Sorry. Litchick, slipping from one subject (IVF and embryos) to another (foetuses) here

and definitely uneasy with the assumption that we should all want abortion if carrying a disabled child

I was made to feel rather irresponsible when I refused an amnio, until I pointed out that given my age, there was a greater risk of miscarriage due to amnio than of my actually having a child with downs

midwife totally uncomprehending when I said the amnio wouldn't "cure" downs anyway, so where was the point of my risking it; she had assumed that I would have an abortion: I imagine if I had been less forceful I would have felt quite pressurised at this point

I am slightly confused by the changing position of rosieglow on this thread

at first I seemed to understand that she was advocating termination for any foetus that could be shown to carry a disabled gene- which I was uncomfortable with

then she seemed to be talking about IVF and the discarding of embryos- which I have less of a moral problem with but more of a practical- IVF is very expensive and not for everyone; besides, she seemed to hint that this would have been a good solution for me and my dd (not!)

then she was talking about genetic curing of a disease while keeping the baby- nice but a long way off, we can't even cure cancer

Litchick · 20/01/2009 13:21

Sorry that was in answer to your penultimate post.

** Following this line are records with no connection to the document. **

(* Let $I$ be a finite set and $T$ a tree on $I$. The lattice $[\hat{0},T]$ (an interval of $\operatorname{For}(I)$) is EL-shellable.
   Context: A tree on a finite set $I$ is a (non-planar) rooted binary tree whose leaves are bijectively labeled by $I$: vertices are inner vertices (valence $3$) and leaves and the root (valence $1$), edges oriented towards the root; one-leaf trees are allowed. A forest on $I$ is a set of trees whose leaf sets partition $I$. For forests $F,G$ on $I$, $F \leq G$ if there is a continuous map $F\to G$ which (D1) is increasing with respect to orientation towards the root, (D2) maps inner vertices to inner vertices injectively, (D3) is the identity of $I$ on leaves, (D4) is injective on each tree of $F$. This gives the poset $\operatorname{For}(I)$, graded by the number of inner vertices, with minimum $\hat{0}$ (no inner vertices). An edge-labeling of a poset $P$ is a map $\lambda$ from the set of covering pairs $x\lhd y$ to $\mathbb{N}$; a saturated chain $x_0\lhd\dots\lhd x_k$ has label $(\lambda(x_0,x_1),\dots,\lambda(x_{k-1},x_k))$ and is increasing if this sequence is weakly increasing. An EL-labeling is an edge-labeling such that every interval $[x,y]$ has exactly one increasing saturated chain from $x$ to $y$, and its label is strictly lexicographically smaller than the label of every other saturated chain from $x$ to $y$. A graded poset is EL-shellable if it admits an EL-labeling. *)

From mathcomp Require Import all_boot.
Set Implicit Arguments. Unset Strict Implicit. Unset Printing Implicit Defensive.

(* A (non-planar) rooted binary forest whose leaves are bijectively labelled  *)
(* by I is encoded by the set of leaf sets ("clusters") of its non-root       *)
(* vertices: leaves <-> singletons {i}, inner vertices <-> clusters with at   *)
(* least two elements, ancestor order <-> inclusion, trees <-> maximal        *)
(* clusters.  This is the standard bijective encoding (hierarchies).          *)

Section Forests.
Variable I : finType.

Definition inner (A : {set I}) : bool := 1 < #|A|.

Definition is_forest (F : {set {set I}}) : bool :=
  [&& set0 \notin F,
      [forall i, [set i] \in F],
      [forall A in F, forall B in F,
          [|| A \subset B, B \subset A | [disjoint A & B]]] &
      [forall A in F, inner A ==>
          [exists B1 in F, exists B2 in F,
              [disjoint B1 & B2] && (B1 :|: B2 == A)]]].

(* a tree on I: a forest consisting of a single tree, whose leaf set is I *)
Definition is_tree (F : {set {set I}}) : bool := is_forest F && (setT \in F).

Definition child (F : {set {set I}}) (C D : {set I}) : bool :=
  [&& C \in F, D \in F, C \proper D &
      [forall E in F, ~~ ((C \proper E) && (E \proper D))]].

(* The order of For(I): F <= G iff there is a map F -> G satisfying (D1)-(D4).
   Since (D2),(D3) force vertices (other than roots) to go to vertices, and
   continuous increasing maps send edges to upward paths, such a map is
   determined (up to reparametrisation) by its values phi on the non-root
   vertices of F (clusters), with:
   - (D3) phi {i} = {i};
   - (D2) inner vertices go to inner vertices of G, injectively;
   - (D1) increasing: the child C of D goes strictly below phi D
          (strict, since the map is injective on each tree, (D4));
   - (D4) injectivity on each tree: the images of the two children of an
          inner vertex D lie in two different child subtrees of phi D.       *)
Definition forest_le (F G : {set {set I}}) : Prop :=
  exists phi : {set I} -> {set I},
  [/\ forall i : I, phi [set i] = [set i],
      forall A, A \in F -> inner A -> phi A \in G /\ inner (phi A),
      {in [pred A | (A \in F) && inner A] &, injective phi},
      forall C D, child F C D -> phi C \proper phi D &
      forall D C1 C2, child F C1 D -> child F C2 D -> C1 != C2 ->
        exists E1 E2, [/\ child G E1 (phi D), child G E2 (phi D), E1 != E2,
                          phi C1 \subset E1 & phi C2 \subset E2]].

Definition forest0 : {set {set I}} := [set [set i] | i : I].

Definition interval0 (T : {set {set I}}) (F : {set {set I}}) : Prop :=
  is_forest F /\ forest_le forest0 F /\ forest_le F T.

End Forests.

Section EL.
Variables (T : Type) (P : T -> Prop) (le : T -> T -> Prop).

Definition plt (x y : T) : Prop := le x y /\ x <> y.

Definition covers (x y : T) : Prop :=
  [/\ P x, P y, plt x y & ~ (exists z, [/\ P z, plt x z & plt z y])].

(* x = x_0 <| x_1 <| ... <| x_k = y, where s = [:: x_1; ...; x_k] *)
Fixpoint sat_chain (x : T) (s : seq T) (y : T) : Prop :=
  match s with
  | [::] => x = y
  | z :: s' => covers x z /\ sat_chain z s' y
  end.

Definition chain_label (lam : T -> T -> nat) (x : T) (s : seq T) : seq nat :=
  pairmap lam x s.

Fixpoint lexlt (a b : seq nat) : bool :=
  match a, b with
  | [::], [::] => false
  | [::], _ :: _ => true
  | _ :: _, [::] => false
  | u :: a', v :: b' => (u < v) || ((u == v) && lexlt a' b')
  end.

Litchick · 20/01/2009 13:21

Sorry that was in answer to your penultimate post.

jute · 20/01/2009 13:23

I think you're misunderstanding what i mean kayharker, Being pro-choice my argument isn't really about individual choices. As you identify it can't be. It's with the assumption that this screening is definitely desirable. It's with the assumptions made in the OP really. Although it's hardly been discussed the comments about deafness shocked me, because there is such a strong culture associated with deafness.

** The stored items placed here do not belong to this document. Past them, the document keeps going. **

(* Let $t,\ell,m$ be integers with $1 \le t \le \ell \le m$. Then the minimum distance of the determinantal code $\widehat{C}_{\det}(t;\ell,m)$ equals $$q^{\ell+m-2}\,\nu_{t-1}(\ell-1,m-1).$$
   Context: $q$ is a prime power. For nonnegative integers $a,b,t$, $\nu_t(a,b)$ is the number of $a\times b$ matrices over $\mathbb{F}_q$ of rank at most $t$. Let $\widehat{\mathcal D}_t(\ell,m)\subset\mathbb{P}^{\ell m-1}(\mathbb{F}_q)=\mathbb{P}(\mathrm{Mat}_{\ell\times m}(\mathbb{F}_q))$ be the set of points $[M]$ with $M\ne 0$ and $\mathrm{rk}(M)\le t$; let $\hat n=|\widehat{\mathcal D}_t(\ell,m)|$, enumerate its points $P_1,\dots,P_{\hat n}$ and choose representatives $M_i\in\mathrm{Mat}_{\ell\times m}(\mathbb{F}_q)$ of $P_i$. The determinantal code $\widehat{C}_{\det}(t;\ell,m)\subseteq\mathbb{F}_q^{\hat n}$ is the image of the map sending a linear form $f=\sum_{i,j}f_{ij}X_{ij}$ (with $X=(X_{ij})$ an $\ell\times m$ matrix of indeterminates) to $(f(M_1),\dots,f(M_{\hat n}))$. Its minimum distance is the smallest Hamming weight of a nonzero codeword. *)

From HB Require Import structures.
From mathcomp Require Import all_boot all_order all_algebra all_fingroup all_field.
Set Implicit Arguments. Unset Strict Implicit. Unset Printing Implicit Defensive.
Import GRing.Theory.
Local Open Scope ring_scope.

Section Det.
Variable F : finFieldType.

Definition nu (t a b : nat) : nat := #|[set M : 'M[F]_(a, b) | (\rank M <= t)%N]|.

(* Canonical representative of a projective point of P(Mat_{l x m}(F)):
   a nonzero matrix whose first nonzero entry (in the order of mxvec) is 1. *)
Definition normalized (l m : nat) (M : 'M[F]_(l, m)) : bool :=
  [exists k : 'I_(l * m), (mxvec M 0 k == 1) &&
     [forall k' : 'I_(l * m), ((k' < k)%N) ==> (mxvec M 0 k' == 0)]].

Definition detPoints (t l m : nat) : {set 'M[F]_(l, m)} :=
  [set M : 'M[F]_(l, m) | (M != 0) && (\rank M <= t)%N && normalized M].

Definition npts (t l m : nat) : nat := #|detPoints t l m|.

Definition linform (l m : nat) (f M : 'M[F]_(l, m)) : F :=
  \sum_(i < l) \sum_(j < m) f i j * M i j.

Definition codeword (t l m : nat) (f : 'M[F]_(l, m)) : {ffun 'I_(npts t l m) -> F} :=
  [ffun i => linform f (enum_val (A := mem (detPoints t l m)) i)].

Definition detCode (t l m : nat) : {set {ffun 'I_(npts t l m) -> F}} :=
  [set c | [exists f : 'M[F]_(l, m), c == codeword t f]].

Definition hweight (n : nat) (c : {ffun 'I_n -> F}) : nat := #|[set i | c i != 0]|.

Definition is_min_distance (n : nat) (C : {set {ffun 'I_n -> F}}) (d : nat) : Prop :=
  (exists2 c, c \in C & (c != 0) /\ hweight c = d) /\
  (forall c, c \in C -> c != 0 -> (d <= hweight c)%N).

End Det.

From HB Require Import structures.
From mathcomp Require Import all_boot all_order all_algebra all_fingroup all_field.
Set Implicit Arguments. Unset Strict Implicit. Unset Printing Implicit Defensive.
Import GRing.Theory.
Local Open Scope ring_scope.

(* Work with affine counts: for a linear form f, the weight of its codeword times
   q - 1 is the number of matrices M of rank at most t with f(M) <> 0, and this
   number is invariant under f |-> P f Q with P, Q invertible.  Every f <> 0 is
   thus equivalent to X_11 + g(X'), where X' is the lower right block.  The count
   for X_11 + g is the number of rank <= t matrices minus those with
   M_11 = -g(M'); a rank-nonincreasing elimination (shifting the first column by
   an element of the column space of M') injects the latter into the matrices with
   M_11 = 0, so f = X_11 has the least weight.  Its count is computed with the
   Schur complement with respect to the pivot M_11 <> 0:
   (q - 1) q^(l+m-2) nu_(t-1)(l-1, m-1). *)

Section BlockRank.
Variable F : fieldType.

Lemma mx11_eq0 (a : 'M[F]_1) : (a == 0) = (a 0 0 == 0).
Proof.
by apply/eqP/eqP => [->|a0]; rewrite ?mxE // [a]mx11_scalar a0 -scalemx1 scale0r.
Qed.

Lemma mxrank_mul_unit m n (P : 'M[F]_m) (A : 'M_(m, n)) (Q : 'M_n) :
  P \in unitmx -> Q \in unitmx -> \rank (P *m A *m Q) = \rank A.
Proof.
by move=> uP uQ; rewrite mxrankMfree ?row_free_unit // (eqmxMfull _ _) ?row_full_unit.
Qed.

Lemma unitmx_ublock m n (u : 'M[F]_(m, n)) : block_mx 1%:M u 0 1%:M \in unitmx.
Proof. by rewrite unitmxE det_ublock !det1 mulr1 unitr1. Qed.

Lemma unitmx_lblock m n (u : 'M[F]_(n, m)) : block_mx 1%:M 0 u 1%:M \in unitmx.
Proof. by rewrite unitmxE det_lblock !det1 mulr1 unitr1. Qed.

Lemma mxrank_block_elim p q m n (a : 'M[F]_(p, q)) b c (D : 'M_(m, n)) y x :
  \rank (block_mx a b c D) =
  \rank (block_mx (a - y *m c - b *m x + y *m D *m x) (b - y *m D) (c - D *m x) D).
Proof.
have -> : block_mx (a - y *m c - b *m x + y *m D *m x) (b - y *m D) (c - D *m x) D
  = block_mx 1%:M (- y) 0 1%:M *m block_mx a b c D *m block_mx 1%:M 0 (- x) 1%:M.
  rewrite !mulmx_block !mul1mx !mul0mx !add0r !mulmx0 !mulmx1 !mulNmx !mulmxN.
  congr block_mx; rewrite ?addr0 ?add0r ?mulmxBl ?mulmxDl ?mulNmx ?mulmxA //.
  by rewrite opprB addrA [LHS]addrAC.
by rewrite mxrank_mul_unit ?unitmx_ublock ?unitmx_lblock.
Qed.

Now if you're asking me what choices would I make with a deaf child I'm not sure I don't know, however, if you're asking me whether I think I should be telling deaf parents that deafness is undesirable then no I don't.

I object to the assumptions that many non-disabled people make about disability. For example the assumption that 'oh of course they'd rather not have that disability'. It's patronising and not something we should just assume. If we do that then we are in some way stating that we think their disability somehow makes their life worse. And that's not always the case. Not our judgment to make. IME people with disabilities have an individual viewpoint. Knowing one person with disability x who thinks that his disability is a PITA doesn't meant that another person with the same disability will feel the same way.

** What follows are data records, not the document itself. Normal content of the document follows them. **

(* There is a constant $c>0$ such that for every $\alpha\in(0,\tfrac12)$ there is $\nu^*(\alpha)$ with the following property: for every $\nu>\nu^*(\alpha)$, all sufficiently large $n$, every admissible pair $(i,j)$ and every $t\ge 0$, $$\mathbb P(D_{i,j}\ge t)\le e^{-ct}.$$
   Context: KPKVB setting: fix $\alpha>0$, $\nu>0$, an integer $n>\nu$, and $R=2\ln(n/\nu)$. $\mathcal D_R$ is the hyperbolic disk (curvature $-1$) of radius $R$ around the origin, with polar coordinates $(r,\theta)$, $r\in[0,R)$, $\theta\in(0,2\pi]$; $f_{\alpha,R}(r,\theta)=\frac{\alpha\sinh(\alpha r)}{2\pi(\cosh(\alpha R)-1)}$. $\mathcal P$ is a Poisson point process on $\mathcal D_R$ with intensity measure $n f_{\alpha,R}(r,\theta)\,dr\,d\theta$ (the vertex set of $G_{\mathrm{Po}}(n;\alpha,\nu)$). Tiling: $i_{\max}=\lceil 0.9R/(2\ln 2)\rceil$, $n_i=2^{4-i+\lfloor R/(2\ln 2)\rfloor}$ for integers $0\le i\le i_{\max}$; $(i,j)$ is admissible if $0\le i\le i_{\max}$, $0\le j<n_i$; $T_{i,j}=\{(r,\theta)\in\mathcal D_R:\ R-2(i+1)\ln 2\le r<R-2i\ln 2,\ 2\pi j/n_i<\theta\le 2\pi(j+1)/n_i\}$. $N(T_{i,j})=|\mathcal P\cap T_{i,j}|$. Demands: $D_{0,j}=N(T_{0,j})$ if $N(T_{0,j})\in\{1,2\}$ and $D_{0,j}=0$ otherwise; for $0<i\le i_{\max}$, $D_{i,j}=\max\{D_{i-1,2j}+D_{i-1,2j+1}+3-N(T_{i,j}),0\}$. *)

From Stdlib Require Import Reals Lra Lia ZArith Arith List.
Open Scope R_scope.

Definition Rad (nu : R) (n : nat) : R := 2 * ln (INR n / nu).

(** floor and ceiling (Int_part x = up x - 1 is the floor). *)
Definition Rfloor (x : R) : Z := Int_part x.
Definition Rceil (x : R) : Z := (- Int_part (- x))%Z.

Definition imax (nu : R) (n : nat) : Z :=
  Rceil (9 / 10 * Rad nu n / (2 * ln 2)).

(** n_i = 2^(4 - i + floor(R / (2 ln 2))) (a positive integer for admissible i). *)
Definition ntiles (nu : R) (n : nat) (i : nat) : nat :=
  Nat.pow 2 (Z.to_nat (4 - Z.of_nat i + Rfloor (Rad nu n / (2 * ln 2)))%Z).

Definition admissible (nu : R) (n : nat) (i j : nat) : Prop :=
  (Z.of_nat i <= imax nu n)%Z /\ (j < ntiles nu n i)%nat.

(** Expected number of points of P in T_{i,j}:
    n * \int_{T_{i,j}} f_{alpha,R}(r,theta) dr dtheta, where the radial range
    [R - 2(i+1) ln 2, R - 2 i ln 2) is intersected with [0,R), the angular width
    is 2 pi / n_i, and \int alpha sinh(alpha r) dr = cosh(alpha r). *)
Definition tile_mean (alpha nu : R) (n : nat) (i : nat) : R :=
  let RR := Rad nu n in
  let r2 := Rmax 0 (RR - 2 * INR i * ln 2) in
  let r1 := Rmax 0 (RR - 2 * (INR i + 1) * ln 2) in
  INR n * (cosh (alpha * r2) - cosh (alpha * r1))
    / (INR (ntiles nu n i) * (cosh (alpha * RR) - 1)).

Definition pois (mu : R) (k : nat) : R := exp (- mu) * mu ^ k / INR (fact k).

(** A configuration assigns a count N i j = N(T_{i,j}) to each tile. *)
Definition config := nat -> nat -> nat.

(** The demands D_{i,j} as a function of the tile counts
    (nat truncated subtraction = max{.,0}). *)
Fixpoint demand (N : config) (i j : nat) : nat :=
  match i with
  | O => if orb (Nat.eqb (N 0%nat j) 1) (Nat.eqb (N 0%nat j) 2) then N 0%nat j else 0%nat
  | S i' => (demand N i' (2 * j) + demand N i' (2 * j + 1) + 3 - N i j)%nat
  end.

Definition subtree (i j : nat) : list (nat * nat) :=
  flat_map (fun i' => map (fun j' => (i', j'))
                          (seq (j * Nat.pow 2 (i - i')) (Nat.pow 2 (i - i'))))
           (seq 0 (S i)).

Definition update (N : config) (a b k : nat) : config :=
  fun x y => if andb (Nat.eqb x a) (Nat.eqb y b) then k else N x y.

(** Sum over all assignments of counts in {0..K} to the listed tiles, each
    weighted by the (independent) Poisson probability with mean mu tile. *)
Fixpoint cfg_sum (mu : nat -> nat -> R) (K : nat) (F : config -> R)
         (tiles : list (nat * nat)) (N : config) : R :=
  match tiles with
  | nil => F N
  | (a, b) :: rest =>
      sum_f_R0 (fun k => pois (mu a b) k * cfg_sum mu K F rest (update N a b k)) K
  end.

(** P(D_{i,j} >= t, and all counts in the subtree are <= K).  As K -> oo this
    increases to P(D_{i,j} >= t), since the counts N(T_{i',j'}) of the Poisson
    process in the disjoint tiles are independent Poisson variables with
    means tile_mean. *)
Definition prob_trunc (alpha nu : R) (n : nat) (i j : nat) (t : R) (K : nat) : R :=
  cfg_sum (fun a _ => tile_mean alpha nu n a) K
          (fun N => if Rle_dec t (INR (demand N i j)) then 1 else 0)
          (subtree i j) (fun _ _ => 0%nat).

Litchick · 20/01/2009 13:27

But by the same token Jute it's not for the happy mothe of a disabled child or indeed a perfectly happy disabled person to tell another woman what she must do.
As I say, you either respect women and their choices or you don't.
That said, I agree with Cory that the assumption you will abort if a foetus is disabled needs to be turned around - but we can't allow the current situation to undermine women's rights.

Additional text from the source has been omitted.